→ **Problem statement**: Each line of the records containing "Rachford" is to be copied out and returned.

→ **Data provided**:
(* Let $C\subseteq\mathbb{R}^n$ be a nonempty closed convex set and $D\subseteq\mathbb{R}^n$ a nonempty compact set. Given $x^0\in\mathbb{R}^n$ and $\gamma\in(0,\frac1{12})$, consider the iteration \[ y^{t+1}=\frac{\gamma P_C\!\left(\frac{x^t}{1+5\gamma}\right)+x^t}{6\gamma+1},\qquad z^{t+1}\in P_D\!\left(\frac{2y^{t+1}-x^t}{1-5\gamma}\right),\qquad x^{t+1}=x^t+2(z^{t+1}-y^{t+1}). \] Then $\{(y^t,z^t,x^t)\}$ is bounded, and every cluster point $(\bar y,\bar z,\bar x)$ satisfies $\bar y=\bar z$ and $0\in\nabla F(\bar z)+\partial\delta_D(\bar z)$, where $F=\frac12 d_C^2$; i.e., $\bar z$ is a stationary point of $\min_u \frac12 d_C^2(u)+\delta_D(u)$.
   Context: $d_C$ is the Euclidean distance to $C$, $P_C$ the projection onto $C$, $P_D(x)$ the (possibly multivalued) set of points of $D$ nearest to $x$ (any element may be chosen), and $\delta_D$ the indicator function of $D$ ($0$ on $D$, $+\infty$ outside). $\partial\delta_D$ is the limiting subdifferential: $v\in\partial h(x)$ iff there exist $x^t\to x$ with $h(x^t)\to h(x)$ and $v^t\to v$ such that $\liminf_{z\to x^t, z\ne x^t}\frac{h(z)-h(x^t)-\langle v^t,z-x^t\rangle}{\|z-x^t\|}\ge0$ for each $t$. *)

From mathcomp Require Import ssreflect ssrfun ssrbool eqtype ssrnat seq fintype bigop.
From Stdlib Require Import Reals ClassicalEpsilon.
Open Scope R_scope.

Definition vec (n : nat) := 'I_n -> R.

Section Vec.
Context {n : nat}.
Implicit Types x y u v : vec n.

Definition vadd x y : vec n := fun i => x i + y i.
Definition vsub x y : vec n := fun i => x i - y i.
Definition vscale (a : R) x : vec n := fun i => a * x i.
Definition vdot x y : R := \big[Rplus/R0]_(i < n) (x i * y i).
Definition vnorm x : R := sqrt (vdot x x).
Definition vdist x y : R := vnorm (vsub x y).

Definition vconv (u : nat -> vec n) (l : vec n) : Prop :=
  Un_cv (fun k => vdist (u k) l) 0.

Definition vbounded (u : nat -> vec n) : Prop :=
  exists M, forall k, vnorm (u k) <= M.

Definition is_closed (C : vec n -> Prop) : Prop :=
  forall (u : nat -> vec n) l, (forall k, C (u k)) -> vconv u l -> C l.

Definition is_convex (C : vec n -> Prop) : Prop :=
  forall a b lam, C a -> C b -> 0 <= lam <= 1 ->
    C (vadd (vscale lam a) (vscale (1 - lam) b)).

Definition is_compact (D : vec n -> Prop) : Prop :=
  forall u : nat -> vec n, (forall k, D (u k)) ->
    exists (phi : nat -> nat) l,
      (forall k, (phi k < phi (S k))%nat) /\ D l /\ vconv (fun k => u (phi k)) l.

Definition nonempty (C : vec n -> Prop) : Prop := exists c, C c.

Definition nearest (S : vec n -> Prop) x p : Prop :=
  S p /\ forall c, S c -> vdist x p <= vdist x c.

(* the projection P_C (a chosen nearest point; unique for C nonempty closed convex) *)
Definition proj (C : vec n -> Prop) x : vec n :=
  epsilon (inhabits (fun _ => R0)) (nearest C x).

Definition is_inf_dist (C : vec n -> Prop) x (r : R) : Prop :=
  (forall c, C c -> r <= vdist x c) /\
  (forall s, (forall c, C c -> s <= vdist x c) -> s <= r).

Definition dist_set (C : vec n -> Prop) x : R :=
  epsilon (inhabits R0) (is_inf_dist C x).

Definition has_gradient (f : vec n -> R) x (g : vec n) : Prop :=
  forall eps, 0 < eps -> exists del, 0 < del /\
    forall u, 0 < vdist u x < del ->
      Rabs (f u - f x - vdot g (vsub u x)) <= eps * vdist u x.

(* Frechet (regular) subgradient condition for the indicator delta_D at a point
   xt of D:  liminf_{z -> xt, z <> xt} (delta_D z - delta_D xt - <v, z - xt>)/|z - xt| >= 0.
   Points z outside D contribute +infinity, so only z in D matter. *)
Definition regular_subgrad_ind (D : vec n -> Prop) xt v : Prop :=
  forall eps, 0 < eps -> exists del, 0 < del /\
    forall z, D z -> 0 < vdist z xt < del ->
      - vdot v (vsub z xt) / vdist z xt >= - eps.

(* limiting subdifferential of delta_D at x: v \in partial delta_D(x)
   iff x in D and there are x^t -> x with delta_D(x^t) -> delta_D(x) = 0
   (i.e. x^t in D) and v^t -> v with v^t a regular subgradient at x^t. *)
Definition lim_subdiff_ind (D : vec n -> Prop) x v : Prop :=
  D x /\ exists (xs vs : nat -> vec n),
    (forall t, D (xs t)) /\ vconv xs x /\ vconv vs v /\
    (forall t, regular_subgrad_ind D (xs t) (vs t)).

End Vec.

(* The iteration is the Peaceman-Rachford splitting of [F + delta_D] as [f + g] with
   [f = F + 5/2 |.|^2] (where [grad F u = u - P_C u]) and [g = delta_D - 5/2 |.|^2]:
   [y^{t+1}] solves [x^t = y + gamma grad f(y)] and [z^{t+1}] is a proximal point of [gamma g]
   at [2 y^{t+1} - x^t].
   Since D is compact and P_C nonexpansive, [x^{t+1}] is an affine contraction of [x^t] up to
   bounded terms, which bounds all iterates. The Douglas-Rachford merit function [merit]
   decreases by [(5/2 - 26 gamma) |y^{t+2} - y^{t+1}|^2] per step and is bounded below along
   bounded iterates, so these increments, and with them [z^t - y^t], tend to 0. Finally the
   optimality of [z^{t+1}] yields a proximal normal to D at [z^{t+1}], equal to
   [(1 - 5 gamma)/gamma (y - z) - grad F(y)] at [y = y^{t+1}], [z = z^{t+1}]; along a convergent
   subsequence it tends to [- grad F(z)]. *)

From mathcomp Require Import ssreflect ssrfun ssrbool eqtype ssrnat seq fintype bigop.
From Stdlib Require Import Reals ClassicalEpsilon.
From Stdlib Require Import Classical Lra Lia FunctionalExtensionality.
Open Scope R_scope.

Section Sums.
Context {n : nat}.
Implicit Types f g : 'I_n -> R.

Lemma sum_plus f g :
  \big[Rplus/R0]_(i < n) f i + \big[Rplus/R0]_(i < n) g i = \big[Rplus/R0]_(i < n) (f i + g i).
Proof. apply: (big_rec3 (fun a b c => a + b = c)) => [|i a b c _ <-]; change R0 with 0; lra. Qed.

Lemma sum_minus f g :
  \big[Rplus/R0]_(i < n) f i - \big[Rplus/R0]_(i < n) g i = \big[Rplus/R0]_(i < n) (f i - g i).
Proof. apply: (big_rec3 (fun a b c => a - b = c)) => [|i a b c _ <-]; change R0 with 0; lra. Qed.

Lemma sum_scal_l c f : c * \big[Rplus/R0]_(i < n) f i = \big[Rplus/R0]_(i < n) (c * f i).
Proof. apply: (big_rec2 (fun a b => c * a = b)) => [|i a b _ <-]; change R0 with 0; ring. Qed.

Lemma sum_scal_r c f : \big[Rplus/R0]_(i < n) f i * c = \big[Rplus/R0]_(i < n) (f i * c).
Proof. apply: (big_rec2 (fun a b => a * c = b)) => [|i a b _ <-]; change R0 with 0; ring. Qed.

Lemma sum_opp f : Ropp (\big[Rplus/R0]_(i < n) f i) = \big[Rplus/R0]_(i < n) (- f i).
Proof. apply: (big_rec2 (fun a b => - a = b)) => [|i a b _ <-]; change R0 with 0; ring. Qed.

Lemma sum_ge0 f : (forall i, 0 <= f i) -> 0 <= \big[Rplus/R0]_(i < n) f i.
Proof.
move=> f0; apply: (big_rec (fun a => 0 <= a)) => [|i a _ a0]; first by change R0 with 0; lra.
by have := f0 i; lra.
Qed.

Lemma sum_term_le f j : (forall i, 0 <= f i) -> f j <= \big[Rplus/R0]_(i < n) f i.
Proof.
move=> f0; have : j \in index_enum 'I_n by rewrite mem_index_enum.
elim: (index_enum _) => [|k r IH] //; rewrite big_cons in_cons => /orP [/eqP ->|/IH fj].
- rewrite -{1}(Rplus_0_r (f k)); apply: Rplus_le_compat_l.
  apply: (big_rec (fun a => 0 <= a)) => [|i a _ a0]; first by change R0 with 0; lra.
  by have := f0 i; lra.
- by have := Rplus_le_compat _ _ _ _ (f0 k) fj; rewrite Rplus_0_l.
Qed.

Lemma sum_cv0 (a : 'I_n -> nat -> R) :
  (forall i, Un_cv (a i) 0) -> Un_cv (fun k => \big[Rplus/R0]_(i < n) a i k) 0.
Proof.
move=> a0; elim: (index_enum _) => [|j r IH].
- move=> e e0; exists 0%nat => k _; rewrite big_nil /R_dist; change R0 with 0.
  by rewrite Rminus_0_r Rabs_R0.
- have := CV_plus _ _ _ _ (a0 j) IH; rewrite Rplus_0_r => cv e e0.
  by case: (cv e e0) => N hN; exists N => k kN; rewrite big_cons; apply: hN.
Qed.

End Sums.

Ltac sum_merge := repeat progress rewrite ?sum_scal_l ?sum_scal_r ?sum_opp ?sum_plus ?sum_minus.

Definition vnorm2 {n} (a : vec n) : R := vdot a a.

Ltac vec_ring :=
  unfold vnorm2, vdot, vadd, vsub, vscale; sum_merge; apply: eq_bigr => i _; first [ring | field].

Ltac vec_ext := apply: functional_extensionality => i; rewrite /vadd /vsub /vscale.

Section Vectors.
Context {n : nat}.
Implicit Types a b c : vec n.

Lemma vnorm2_ge0 a : 0 <= vnorm2 a.
Proof. apply: sum_ge0 => i; exact: Rle_0_sqr. Qed.

Lemma vnorm2_eq0 a : vnorm2 a = 0 -> a = (fun _ => 0).
Proof.
move=> a0; apply: functional_extensionality => i.
have := sum_term_le (fun i => a i * a i) i (fun i => Rle_0_sqr (a i)).
rewrite -/(vdot a a) -/(vnorm2 a) a0 => ai.
have : a i * a i = 0 by have := Rle_0_sqr (a i); rewrite /Rsqr; lra.
by case/Rmult_integral.
Qed.

Lemma vnorm_ge0 a : 0 <= vnorm a.
Proof. exact: sqrt_pos. Qed.

Lemma vnorm_sqr a : vnorm a * vnorm a = vnorm2 a.
Proof. by rewrite /vnorm sqrt_sqrt //; apply: vnorm2_ge0. Qed.

Lemma vnorm_eq0 a : vnorm a = 0 -> a = (fun _ => 0).
Proof. by move=> a0; apply: vnorm2_eq0; rewrite -vnorm_sqr a0 Rmult_0_l. Qed.

Lemma vdot_sym a b : vdot a b = vdot b a.
Proof. vec_ring. Qed.

Lemma vdot_0l b : vdot (fun _ => 0) b = 0.
Proof. by rewrite /vdot; apply: (big_rec (fun r => r = 0)) => // i r _ ->; ring. Qed.

Lemma vdot_cauchy_schwarz a b : vdot a b <= vnorm a * vnorm b.
Proof.
have na := vnorm_ge0 a; have nb := vnorm_ge0 b.
have [a0|a0] := Req_dec (vnorm a) 0; first by rewrite a0 (vnorm_eq0 _ a0) vdot_0l; lra.
have [b0|b0] := Req_dec (vnorm b) 0.
  by rewrite b0 (vnorm_eq0 _ b0) vdot_sym vdot_0l; lra.
have := vnorm2_ge0 (vsub (vscale (vnorm b) a) (vscale (vnorm a) b)).
have -> : vnorm2 (vsub (vscale (vnorm b) a) (vscale (vnorm a) b)) =
   vnorm b * vnorm b * vnorm2 a - 2 * (vnorm a * vnorm b) * vdot a b
   + vnorm a * vnorm a * vnorm2 b by vec_ring.
rewrite -!vnorm_sqr => h.
have ab : 0 < vnorm a * vnorm b by apply: Rmult_lt_0_compat; lra.
have : 0 <= (vnorm a * vnorm b) * (2 * (vnorm a * vnorm b - vdot a b)) by nra.
have := Rmult_le_reg_l _ 0 _ ab; nra.
Qed.

Lemma vnorm2_add a b : vnorm2 (vadd a b) = vnorm2 a + 2 * vdot a b + vnorm2 b.
Proof. vec_ring. Qed.

Lemma vdot_ge a b : - (vnorm2 a + vnorm2 b) / 2 <= vdot a b.
Proof. have := vnorm2_ge0 (vadd a b); rewrite vnorm2_add; lra. Qed.

Lemma vnorm_triangle a b : vnorm (vadd a b) <= vnorm a + vnorm b.
Proof.
have := vnorm_ge0 (vadd a b); have := vnorm_ge0 a; have := vnorm_ge0 b.
have := vdot_cauchy_schwarz a b; have := vnorm2_add a b; rewrite -!vnorm_sqr => e *.
apply: Rsqr_incr_0_var; rewrite /Rsqr; nra.
Qed.

Lemma vnorm2_scale s a : vnorm2 (vscale s a) = s * s * vnorm2 a.
Proof. vec_ring. Qed.

Lemma vnorm2_add_le a b : vnorm2 (vadd a b) <= 2 * vnorm2 a + 2 * vnorm2 b.
Proof.
have := vnorm2_ge0 (vsub a b).
have -> : vnorm2 (vsub a b) = 2 * vnorm2 a + 2 * vnorm2 b - vnorm2 (vadd a b) by vec_ring.
lra.
Qed.

Lemma vnorm_scale s a : vnorm (vscale s a) = Rabs s * vnorm a.
Proof.
rewrite /vnorm -/(vnorm2 (vscale s a)) vnorm2_scale.
rewrite sqrt_mult; [|exact: Rle_0_sqr|exact: vnorm2_ge0].
by rewrite -/(Rsqr s) sqrt_Rsqr_abs.
Qed.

→ **Problem solution**:
(* The iteration is the Peaceman-Rachford splitting of [F + delta_D] as [f + g] with
   bounded terms, which bounds all iterates. The Douglas-Rachford merit function [merit]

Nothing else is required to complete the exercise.